From The Hart @ New End Theatre, London

cast list
Matthew Barrow
John Guerrasio
Lucy Kerans-Hunt
Louisa Maxwell
Peter Straker

directed by
Caroline Clegg
Lorenz Hart is often referred to as the poet of Broadway and this anthology show at Hampstead’s New End Theatre is a perfect reminder of how apt that label was.

The show itself is a simple thing, a breezy run-through of 32 classic Rodgers and Hart songs performed by an engaging five-man cast. Devised by David Kernan and written by John Kane, it gives us some interesting nuggets about Hart’s life, but the main aim here is to celebrate the man’s astute and intelligent lyrics.

Hart was barely five-feet tall and gay, and the show suggests that he held a life-long unrequited passion for his very heterosexual creative partner Richard Rodgers. He was also very conscious of his perceived unattractiveness, saying: “If I wanted perfection I had to look outside myself. If I wanted love, I had to invent it.” He descended into alcoholism that would eventually contribute to his death from pneumonia at the age of 48. But despite the almost text-book tragedy of his life, the show does not wallow in pathos, far from it; instead it keeps exposition to a minimum and allows the songs to do the talking.

His lyrics are perceptive and witty, lyrically dexterous and emotionally layered. In fact Hart confesses to a hatred of the pair’s most famous song, Blue Moon, for being too simplistic by far, too obvious. He preferred to play games with words, even if this led to some of his work being dismissed at the time as “fancy-shmancy.”
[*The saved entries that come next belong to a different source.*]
(* Let $\rho,\sigma$ be quantum states on a $d$-dimensional Hilbert space with $[\rho,\sigma]=0$, and let $\rho',\sigma'$ be quantum states on a $d'$-dimensional Hilbert space with $[\rho',\sigma']=0$, where $\sigma$ and $\sigma'$ are both full-rank. For $1>\epsilon>0$ define $f_\sigma(\rho,\epsilon):=\sqrt{V(\rho\|\sigma)\left(2\epsilon^{-1}-1\right)}$ and analogously $f_{\sigma'}(\rho',\epsilon):=\sqrt{V(\rho'\|\sigma')\left(2\epsilon^{-1}-1\right)}$. If $$S(\rho\|\sigma)-f_\sigma(\rho,\epsilon)\;\geq\; S(\rho'\|\sigma')+f_{\sigma'}(\rho',\epsilon),$$ then $(\rho,\sigma)\succ_\epsilon(\rho',\sigma')$.
   Context: All logarithms are base 2. The relative entropy is $S(\rho\|\sigma)=\mathrm{Tr}(\rho(\log\rho-\log\sigma))$ and the relative variance (variance of relative surprisal) is $V(\rho\|\sigma)=\mathrm{Tr}\left(\rho(\log\rho-\log\sigma)^2\right)-S(\rho\|\sigma)^2$. The trace distance is $D(\rho,\tau)=\frac12\|\rho-\tau\|_1$. For pairs of states, $(\rho,\sigma)\succ(\rho',\sigma')$ means there exists a quantum channel $\mathcal E$ (from states on the first Hilbert space to states on the second) with $\mathcal E(\rho)=\rho'$ and $\mathcal E(\sigma)=\sigma'$. Moreover $(\rho,\sigma)\succ_\epsilon(\rho',\sigma')$ means there exists a state $\rho'_\epsilon$ with $(\rho,\sigma)\succ(\rho'_\epsilon,\sigma')$ and $D(\rho',\rho'_\epsilon)\le\epsilon$. *)

From HB Require Import structures.
From mathcomp Require Import all_boot all_order all_algebra.
From mathcomp Require Import complex.
From mathcomp Require Import reals exp.
Set Implicit Arguments. Unset Strict Implicit. Unset Printing Implicit Defensive.
Import Order.TTheory GRing.Theory Num.Theory.
Local Open Scope ring_scope.
Local Open Scope complex_scope.

Section Quantum.
Variable R : realType.
Local Notation C := R[i].

Definition adj {m n} (A : 'M[C]_(m, n)) : 'M[C]_(n, m) := (map_mx Num.conj A)^T.

Definition log2 (x : R) : R := ln x / ln 2.

(* Functional calculus for normal (in particular Hermitian) matrices:
   if A = P^-1 diag(l) P with P unitary (spectral theorem), then
   f(A) := P^-1 diag(f(Re l)) P. *)
Definition mxfun (f : R -> R) {n} (A : 'M[C]_n) : 'M[C]_n :=
  invmx (spectralmx A) *m
    diag_mx (map_mx (fun z : C => (f (complex.Re z))%:C) (spectral_diag A)) *m spectralmx A.

Definition mxlog2 {n} (A : 'M[C]_n) := mxfun log2 A.

Definition psdmx {n} (A : 'M[C]_n) : Prop :=
  A \is hermsymmx /\ forall v : 'rV[C]_n, 0 <= (v *m A *m adj v) 0 0.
John Guerrasio plays Hart with a cigar in hand, trousers hitched high and a thick New York drawl. His performance holds the show together and gives the songs a necessary framework. He benefits from some strong support from Lucy Kerans-Hunt, Matthew Barrow, Louisa Maxwell and veteran stage performer Peter Straker. They divide the remaining roles between them, and take on the bulk of the vocal duties and each one of them is fully up to the task. There is not a dud note sung, despite the presumably vocally demanding nature of the two hour show.

Many of the songs are standards now, but it was nice to hear them in this different context, with more of an awareness of the man behind them. This is a sweet, simple production, not overly clever or complicated, yet one that does exactly what it sets out to do. Hearing all these songs together allows you to appreciate just how talented Hart was and the show is able to drive this point home without shirking its main aim of providing a warm and engaging evening’s entertainment.